**Your objective**
Filter the entries beneath this task, copying only the lines that hold the word "which".

**Records for this exercise**
--------------------------------------------------

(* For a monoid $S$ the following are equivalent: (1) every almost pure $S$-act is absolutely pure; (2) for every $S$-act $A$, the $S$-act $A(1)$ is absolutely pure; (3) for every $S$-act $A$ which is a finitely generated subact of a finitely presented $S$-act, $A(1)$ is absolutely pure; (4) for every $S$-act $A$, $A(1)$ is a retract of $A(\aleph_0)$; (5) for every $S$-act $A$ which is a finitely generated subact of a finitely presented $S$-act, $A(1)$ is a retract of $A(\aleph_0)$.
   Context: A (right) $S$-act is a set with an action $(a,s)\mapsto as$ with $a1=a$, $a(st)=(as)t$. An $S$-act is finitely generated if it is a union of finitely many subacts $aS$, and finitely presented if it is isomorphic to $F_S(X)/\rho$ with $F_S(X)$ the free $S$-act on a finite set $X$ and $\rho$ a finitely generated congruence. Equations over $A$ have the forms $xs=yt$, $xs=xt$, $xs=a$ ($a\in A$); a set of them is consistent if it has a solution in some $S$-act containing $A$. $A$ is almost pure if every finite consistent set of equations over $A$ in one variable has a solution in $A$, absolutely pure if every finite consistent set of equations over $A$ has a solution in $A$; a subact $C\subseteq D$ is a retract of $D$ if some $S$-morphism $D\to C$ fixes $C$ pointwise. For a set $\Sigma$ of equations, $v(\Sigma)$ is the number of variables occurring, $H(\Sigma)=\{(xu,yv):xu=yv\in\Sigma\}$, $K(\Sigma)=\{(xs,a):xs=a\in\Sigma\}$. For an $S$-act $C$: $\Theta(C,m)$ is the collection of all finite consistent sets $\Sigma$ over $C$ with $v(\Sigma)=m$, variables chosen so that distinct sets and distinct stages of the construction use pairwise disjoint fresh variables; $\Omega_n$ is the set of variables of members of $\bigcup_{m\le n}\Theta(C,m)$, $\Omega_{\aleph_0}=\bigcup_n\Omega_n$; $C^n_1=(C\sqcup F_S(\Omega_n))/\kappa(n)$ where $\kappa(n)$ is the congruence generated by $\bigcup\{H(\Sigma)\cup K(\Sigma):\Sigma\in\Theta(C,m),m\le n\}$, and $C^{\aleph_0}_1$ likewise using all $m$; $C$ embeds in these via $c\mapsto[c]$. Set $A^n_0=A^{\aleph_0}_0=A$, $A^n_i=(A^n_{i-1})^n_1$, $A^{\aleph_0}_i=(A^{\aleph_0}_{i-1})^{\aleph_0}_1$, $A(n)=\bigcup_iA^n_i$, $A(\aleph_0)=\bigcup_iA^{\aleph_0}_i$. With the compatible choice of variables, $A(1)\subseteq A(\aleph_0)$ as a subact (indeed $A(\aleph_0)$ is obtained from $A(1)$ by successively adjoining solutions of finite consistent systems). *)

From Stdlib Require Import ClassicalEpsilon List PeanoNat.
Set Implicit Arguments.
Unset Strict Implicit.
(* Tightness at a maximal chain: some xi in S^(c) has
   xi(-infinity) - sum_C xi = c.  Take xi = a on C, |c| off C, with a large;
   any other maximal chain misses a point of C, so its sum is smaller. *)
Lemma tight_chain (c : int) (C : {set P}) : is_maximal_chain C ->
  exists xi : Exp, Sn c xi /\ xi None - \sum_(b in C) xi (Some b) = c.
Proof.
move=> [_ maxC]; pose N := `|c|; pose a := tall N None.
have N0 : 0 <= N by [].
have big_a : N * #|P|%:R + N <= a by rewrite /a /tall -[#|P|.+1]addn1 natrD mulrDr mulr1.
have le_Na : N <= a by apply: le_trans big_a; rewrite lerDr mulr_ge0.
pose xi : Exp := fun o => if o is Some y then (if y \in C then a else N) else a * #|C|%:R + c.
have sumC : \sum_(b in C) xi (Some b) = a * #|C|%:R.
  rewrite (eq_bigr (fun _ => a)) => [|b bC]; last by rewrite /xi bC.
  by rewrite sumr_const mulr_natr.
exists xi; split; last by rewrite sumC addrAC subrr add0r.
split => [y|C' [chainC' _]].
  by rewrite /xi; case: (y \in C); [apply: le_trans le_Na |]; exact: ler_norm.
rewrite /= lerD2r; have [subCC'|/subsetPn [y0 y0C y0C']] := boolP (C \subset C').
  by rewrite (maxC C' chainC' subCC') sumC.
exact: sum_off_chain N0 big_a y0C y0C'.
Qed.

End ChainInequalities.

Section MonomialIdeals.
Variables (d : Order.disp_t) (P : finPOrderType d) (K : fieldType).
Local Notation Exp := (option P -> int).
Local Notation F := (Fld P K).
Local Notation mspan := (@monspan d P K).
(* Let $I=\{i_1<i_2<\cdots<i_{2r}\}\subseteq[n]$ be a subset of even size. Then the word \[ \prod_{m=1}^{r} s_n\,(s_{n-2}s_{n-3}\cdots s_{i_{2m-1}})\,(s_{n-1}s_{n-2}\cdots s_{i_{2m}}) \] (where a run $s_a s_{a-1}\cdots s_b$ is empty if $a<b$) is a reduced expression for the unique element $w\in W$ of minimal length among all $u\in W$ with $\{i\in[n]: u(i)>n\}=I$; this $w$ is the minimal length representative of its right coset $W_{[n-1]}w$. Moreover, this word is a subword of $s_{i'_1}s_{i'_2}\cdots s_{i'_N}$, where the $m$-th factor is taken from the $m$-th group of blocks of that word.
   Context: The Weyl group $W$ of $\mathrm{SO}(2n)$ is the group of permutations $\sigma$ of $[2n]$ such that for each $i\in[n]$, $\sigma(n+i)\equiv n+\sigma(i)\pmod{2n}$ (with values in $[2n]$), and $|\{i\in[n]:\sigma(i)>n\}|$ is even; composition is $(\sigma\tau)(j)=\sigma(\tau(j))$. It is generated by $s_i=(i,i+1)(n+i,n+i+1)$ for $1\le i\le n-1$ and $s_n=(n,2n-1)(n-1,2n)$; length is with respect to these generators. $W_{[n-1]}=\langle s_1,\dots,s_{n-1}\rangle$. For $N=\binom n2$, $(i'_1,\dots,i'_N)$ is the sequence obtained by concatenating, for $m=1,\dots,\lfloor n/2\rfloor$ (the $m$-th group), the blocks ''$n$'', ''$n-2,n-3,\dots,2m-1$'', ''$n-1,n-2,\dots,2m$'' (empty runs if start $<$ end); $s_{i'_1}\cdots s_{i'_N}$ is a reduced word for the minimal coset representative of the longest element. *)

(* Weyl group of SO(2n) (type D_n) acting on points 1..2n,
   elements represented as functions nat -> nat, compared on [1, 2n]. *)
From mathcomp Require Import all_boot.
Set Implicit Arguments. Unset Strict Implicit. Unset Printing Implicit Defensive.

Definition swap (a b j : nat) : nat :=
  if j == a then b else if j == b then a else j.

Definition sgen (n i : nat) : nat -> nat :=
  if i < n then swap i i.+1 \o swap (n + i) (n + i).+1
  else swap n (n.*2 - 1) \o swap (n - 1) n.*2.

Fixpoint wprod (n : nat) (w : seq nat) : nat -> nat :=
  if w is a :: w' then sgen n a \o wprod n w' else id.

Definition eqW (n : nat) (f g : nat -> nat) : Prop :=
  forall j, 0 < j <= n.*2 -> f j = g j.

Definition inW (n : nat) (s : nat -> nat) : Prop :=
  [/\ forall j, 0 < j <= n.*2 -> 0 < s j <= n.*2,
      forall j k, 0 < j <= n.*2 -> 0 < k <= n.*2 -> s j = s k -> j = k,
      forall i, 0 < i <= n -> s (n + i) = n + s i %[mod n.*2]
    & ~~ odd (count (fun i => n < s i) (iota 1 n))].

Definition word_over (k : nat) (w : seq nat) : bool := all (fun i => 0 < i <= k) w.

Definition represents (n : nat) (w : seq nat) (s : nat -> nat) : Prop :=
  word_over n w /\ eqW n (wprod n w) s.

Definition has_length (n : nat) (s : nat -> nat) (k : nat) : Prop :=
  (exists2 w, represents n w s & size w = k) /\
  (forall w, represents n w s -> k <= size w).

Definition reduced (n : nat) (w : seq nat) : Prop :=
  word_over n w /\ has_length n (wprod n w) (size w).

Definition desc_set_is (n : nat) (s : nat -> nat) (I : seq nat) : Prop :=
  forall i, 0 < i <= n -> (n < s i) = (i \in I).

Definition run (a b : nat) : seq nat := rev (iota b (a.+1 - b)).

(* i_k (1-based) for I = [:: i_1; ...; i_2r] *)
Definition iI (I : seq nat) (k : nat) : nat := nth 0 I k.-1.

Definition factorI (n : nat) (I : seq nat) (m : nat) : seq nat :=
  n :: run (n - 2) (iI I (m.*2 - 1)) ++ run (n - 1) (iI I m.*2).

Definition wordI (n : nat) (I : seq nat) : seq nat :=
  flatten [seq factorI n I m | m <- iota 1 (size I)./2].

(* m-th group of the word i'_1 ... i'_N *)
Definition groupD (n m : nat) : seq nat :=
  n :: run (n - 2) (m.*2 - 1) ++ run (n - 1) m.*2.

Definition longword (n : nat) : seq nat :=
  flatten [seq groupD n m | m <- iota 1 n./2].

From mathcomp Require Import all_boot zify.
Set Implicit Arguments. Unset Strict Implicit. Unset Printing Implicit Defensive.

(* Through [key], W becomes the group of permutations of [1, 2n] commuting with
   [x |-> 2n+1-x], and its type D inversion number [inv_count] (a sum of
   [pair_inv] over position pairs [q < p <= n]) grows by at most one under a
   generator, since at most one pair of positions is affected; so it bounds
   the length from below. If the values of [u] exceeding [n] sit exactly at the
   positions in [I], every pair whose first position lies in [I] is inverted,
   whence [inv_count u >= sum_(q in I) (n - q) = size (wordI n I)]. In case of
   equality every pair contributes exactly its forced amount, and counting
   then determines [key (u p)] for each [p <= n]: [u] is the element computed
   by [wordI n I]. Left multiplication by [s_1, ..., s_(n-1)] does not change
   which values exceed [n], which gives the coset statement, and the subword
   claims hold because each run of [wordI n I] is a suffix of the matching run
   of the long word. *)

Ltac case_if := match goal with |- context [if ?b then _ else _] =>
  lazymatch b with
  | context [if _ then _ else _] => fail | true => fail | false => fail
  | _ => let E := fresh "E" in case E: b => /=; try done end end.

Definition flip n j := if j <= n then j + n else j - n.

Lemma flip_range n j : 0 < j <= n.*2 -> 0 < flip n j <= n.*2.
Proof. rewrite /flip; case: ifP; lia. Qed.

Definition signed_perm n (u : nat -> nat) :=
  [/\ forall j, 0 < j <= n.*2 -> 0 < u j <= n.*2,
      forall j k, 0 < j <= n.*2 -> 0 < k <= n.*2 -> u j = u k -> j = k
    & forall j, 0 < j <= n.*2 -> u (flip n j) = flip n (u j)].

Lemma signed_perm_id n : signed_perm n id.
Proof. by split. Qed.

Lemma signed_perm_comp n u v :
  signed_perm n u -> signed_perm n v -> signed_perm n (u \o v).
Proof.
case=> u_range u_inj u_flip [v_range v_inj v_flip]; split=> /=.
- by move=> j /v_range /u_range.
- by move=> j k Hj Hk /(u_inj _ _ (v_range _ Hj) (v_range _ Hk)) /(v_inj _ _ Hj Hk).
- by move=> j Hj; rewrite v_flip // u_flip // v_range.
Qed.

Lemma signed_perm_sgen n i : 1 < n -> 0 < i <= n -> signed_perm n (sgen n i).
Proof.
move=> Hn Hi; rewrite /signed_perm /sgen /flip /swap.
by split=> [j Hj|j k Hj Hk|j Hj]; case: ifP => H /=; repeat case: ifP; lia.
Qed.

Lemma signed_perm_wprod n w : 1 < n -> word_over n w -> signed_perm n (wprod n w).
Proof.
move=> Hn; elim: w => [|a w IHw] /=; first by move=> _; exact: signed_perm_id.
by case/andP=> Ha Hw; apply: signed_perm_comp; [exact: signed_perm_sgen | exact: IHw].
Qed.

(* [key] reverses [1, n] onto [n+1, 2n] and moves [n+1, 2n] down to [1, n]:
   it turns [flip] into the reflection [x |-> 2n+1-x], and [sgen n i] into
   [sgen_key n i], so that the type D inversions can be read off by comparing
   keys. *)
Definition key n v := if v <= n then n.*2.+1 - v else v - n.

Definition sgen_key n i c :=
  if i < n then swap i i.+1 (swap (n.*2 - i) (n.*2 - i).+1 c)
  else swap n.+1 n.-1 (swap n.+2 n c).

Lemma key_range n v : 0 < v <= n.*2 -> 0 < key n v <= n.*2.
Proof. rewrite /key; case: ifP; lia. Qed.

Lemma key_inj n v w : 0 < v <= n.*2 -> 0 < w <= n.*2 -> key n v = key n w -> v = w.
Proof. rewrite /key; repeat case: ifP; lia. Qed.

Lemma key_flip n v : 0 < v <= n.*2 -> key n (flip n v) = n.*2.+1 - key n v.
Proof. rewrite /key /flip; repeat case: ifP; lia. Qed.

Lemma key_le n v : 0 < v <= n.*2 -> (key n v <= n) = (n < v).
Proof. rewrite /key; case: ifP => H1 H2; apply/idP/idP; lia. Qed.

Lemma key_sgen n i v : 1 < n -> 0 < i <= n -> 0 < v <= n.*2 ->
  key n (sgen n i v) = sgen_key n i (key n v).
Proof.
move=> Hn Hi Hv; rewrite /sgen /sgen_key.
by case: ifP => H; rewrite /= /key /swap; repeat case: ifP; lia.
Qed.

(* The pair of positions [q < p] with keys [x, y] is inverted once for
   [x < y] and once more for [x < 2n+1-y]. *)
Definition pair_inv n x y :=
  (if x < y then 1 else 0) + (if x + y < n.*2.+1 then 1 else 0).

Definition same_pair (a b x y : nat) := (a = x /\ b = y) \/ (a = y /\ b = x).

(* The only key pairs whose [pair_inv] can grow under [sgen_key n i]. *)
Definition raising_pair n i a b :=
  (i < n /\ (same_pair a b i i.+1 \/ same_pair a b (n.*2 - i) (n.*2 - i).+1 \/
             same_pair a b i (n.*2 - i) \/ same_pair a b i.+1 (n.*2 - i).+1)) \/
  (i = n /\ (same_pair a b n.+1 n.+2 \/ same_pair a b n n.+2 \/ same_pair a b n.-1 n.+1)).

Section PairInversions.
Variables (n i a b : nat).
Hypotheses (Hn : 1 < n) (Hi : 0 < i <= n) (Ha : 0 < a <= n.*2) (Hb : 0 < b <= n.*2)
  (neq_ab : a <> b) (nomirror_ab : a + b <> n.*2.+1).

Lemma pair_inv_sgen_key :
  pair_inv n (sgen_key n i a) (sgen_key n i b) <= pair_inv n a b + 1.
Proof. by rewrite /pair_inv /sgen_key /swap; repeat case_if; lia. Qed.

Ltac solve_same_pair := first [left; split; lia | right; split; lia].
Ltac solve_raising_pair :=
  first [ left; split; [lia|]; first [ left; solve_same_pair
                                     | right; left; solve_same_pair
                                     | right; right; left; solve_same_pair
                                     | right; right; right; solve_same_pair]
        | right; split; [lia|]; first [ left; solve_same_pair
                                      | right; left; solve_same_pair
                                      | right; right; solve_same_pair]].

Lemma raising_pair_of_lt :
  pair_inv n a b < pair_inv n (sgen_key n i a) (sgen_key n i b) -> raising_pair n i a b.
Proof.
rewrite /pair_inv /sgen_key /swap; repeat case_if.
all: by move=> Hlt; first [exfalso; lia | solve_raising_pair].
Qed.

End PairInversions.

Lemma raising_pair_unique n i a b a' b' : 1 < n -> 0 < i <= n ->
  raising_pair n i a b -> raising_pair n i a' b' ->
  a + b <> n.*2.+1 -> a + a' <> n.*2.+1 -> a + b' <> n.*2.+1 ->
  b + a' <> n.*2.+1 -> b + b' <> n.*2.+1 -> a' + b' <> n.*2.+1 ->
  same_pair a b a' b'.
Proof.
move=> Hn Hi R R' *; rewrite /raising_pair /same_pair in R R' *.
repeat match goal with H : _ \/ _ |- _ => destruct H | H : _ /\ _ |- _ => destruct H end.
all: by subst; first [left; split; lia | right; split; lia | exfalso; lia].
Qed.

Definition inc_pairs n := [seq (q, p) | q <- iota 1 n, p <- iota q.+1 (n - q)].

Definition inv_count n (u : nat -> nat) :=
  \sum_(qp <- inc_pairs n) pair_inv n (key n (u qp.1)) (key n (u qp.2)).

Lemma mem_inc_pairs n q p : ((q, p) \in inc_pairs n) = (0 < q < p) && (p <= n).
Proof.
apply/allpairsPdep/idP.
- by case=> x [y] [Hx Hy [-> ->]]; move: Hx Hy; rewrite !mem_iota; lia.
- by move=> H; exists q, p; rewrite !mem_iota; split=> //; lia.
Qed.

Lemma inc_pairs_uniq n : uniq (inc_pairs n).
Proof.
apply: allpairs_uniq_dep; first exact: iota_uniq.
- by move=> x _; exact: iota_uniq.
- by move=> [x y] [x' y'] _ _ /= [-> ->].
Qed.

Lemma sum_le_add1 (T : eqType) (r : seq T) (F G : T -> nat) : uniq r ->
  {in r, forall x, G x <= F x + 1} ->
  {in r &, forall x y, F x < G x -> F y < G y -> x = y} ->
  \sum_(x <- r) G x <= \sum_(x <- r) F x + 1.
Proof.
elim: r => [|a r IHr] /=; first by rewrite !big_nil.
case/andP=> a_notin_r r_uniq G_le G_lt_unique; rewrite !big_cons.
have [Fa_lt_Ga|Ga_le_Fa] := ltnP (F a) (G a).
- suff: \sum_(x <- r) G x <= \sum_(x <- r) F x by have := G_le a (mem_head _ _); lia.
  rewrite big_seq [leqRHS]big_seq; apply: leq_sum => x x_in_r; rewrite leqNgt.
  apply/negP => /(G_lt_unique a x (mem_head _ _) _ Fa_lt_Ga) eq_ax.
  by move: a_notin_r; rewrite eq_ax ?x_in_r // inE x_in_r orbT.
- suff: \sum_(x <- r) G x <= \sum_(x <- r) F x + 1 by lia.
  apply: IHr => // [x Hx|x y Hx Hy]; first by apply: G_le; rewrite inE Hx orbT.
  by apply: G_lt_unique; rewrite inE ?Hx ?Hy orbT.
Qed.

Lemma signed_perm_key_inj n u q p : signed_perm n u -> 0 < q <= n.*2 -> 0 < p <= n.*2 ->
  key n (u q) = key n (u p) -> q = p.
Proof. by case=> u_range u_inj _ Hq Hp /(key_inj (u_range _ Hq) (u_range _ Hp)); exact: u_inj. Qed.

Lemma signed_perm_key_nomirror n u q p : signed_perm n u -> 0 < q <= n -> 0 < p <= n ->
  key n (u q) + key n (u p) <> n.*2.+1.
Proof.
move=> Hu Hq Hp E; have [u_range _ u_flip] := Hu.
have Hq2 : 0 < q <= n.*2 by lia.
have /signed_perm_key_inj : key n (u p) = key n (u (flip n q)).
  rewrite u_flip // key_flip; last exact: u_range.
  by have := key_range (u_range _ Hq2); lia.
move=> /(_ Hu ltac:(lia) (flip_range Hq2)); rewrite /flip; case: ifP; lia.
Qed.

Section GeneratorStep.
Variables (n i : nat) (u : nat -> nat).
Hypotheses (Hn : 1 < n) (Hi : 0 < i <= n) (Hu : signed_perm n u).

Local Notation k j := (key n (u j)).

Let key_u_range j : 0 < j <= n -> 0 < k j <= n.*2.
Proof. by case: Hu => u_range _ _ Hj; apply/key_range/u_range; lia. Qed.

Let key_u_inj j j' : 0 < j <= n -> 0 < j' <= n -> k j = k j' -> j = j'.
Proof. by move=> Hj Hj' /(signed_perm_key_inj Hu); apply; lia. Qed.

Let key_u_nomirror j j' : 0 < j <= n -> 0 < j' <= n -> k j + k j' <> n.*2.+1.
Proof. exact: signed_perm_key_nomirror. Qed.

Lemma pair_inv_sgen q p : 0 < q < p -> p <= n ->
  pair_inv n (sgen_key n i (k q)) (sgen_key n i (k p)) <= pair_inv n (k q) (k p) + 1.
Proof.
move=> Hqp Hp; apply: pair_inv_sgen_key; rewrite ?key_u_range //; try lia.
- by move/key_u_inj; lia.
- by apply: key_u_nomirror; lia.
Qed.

--------------------------------------------------

**Result of this task**
(* For a monoid $S$ the following are equivalent: (1) every almost pure $S$-act is absolutely pure; (2) for every $S$-act $A$, the $S$-act $A(1)$ is absolutely pure; (3) for every $S$-act $A$ which is a finitely generated subact of a finitely presented $S$-act, $A(1)$ is absolutely pure; (4) for every $S$-act $A$, $A(1)$ is a retract of $A(\aleph_0)$; (5) for every $S$-act $A$ which is a finitely generated subact of a finitely presented $S$-act, $A(1)$ is a retract of $A(\aleph_0)$.
   which values exceed [n], which gives the coset statement, and the subword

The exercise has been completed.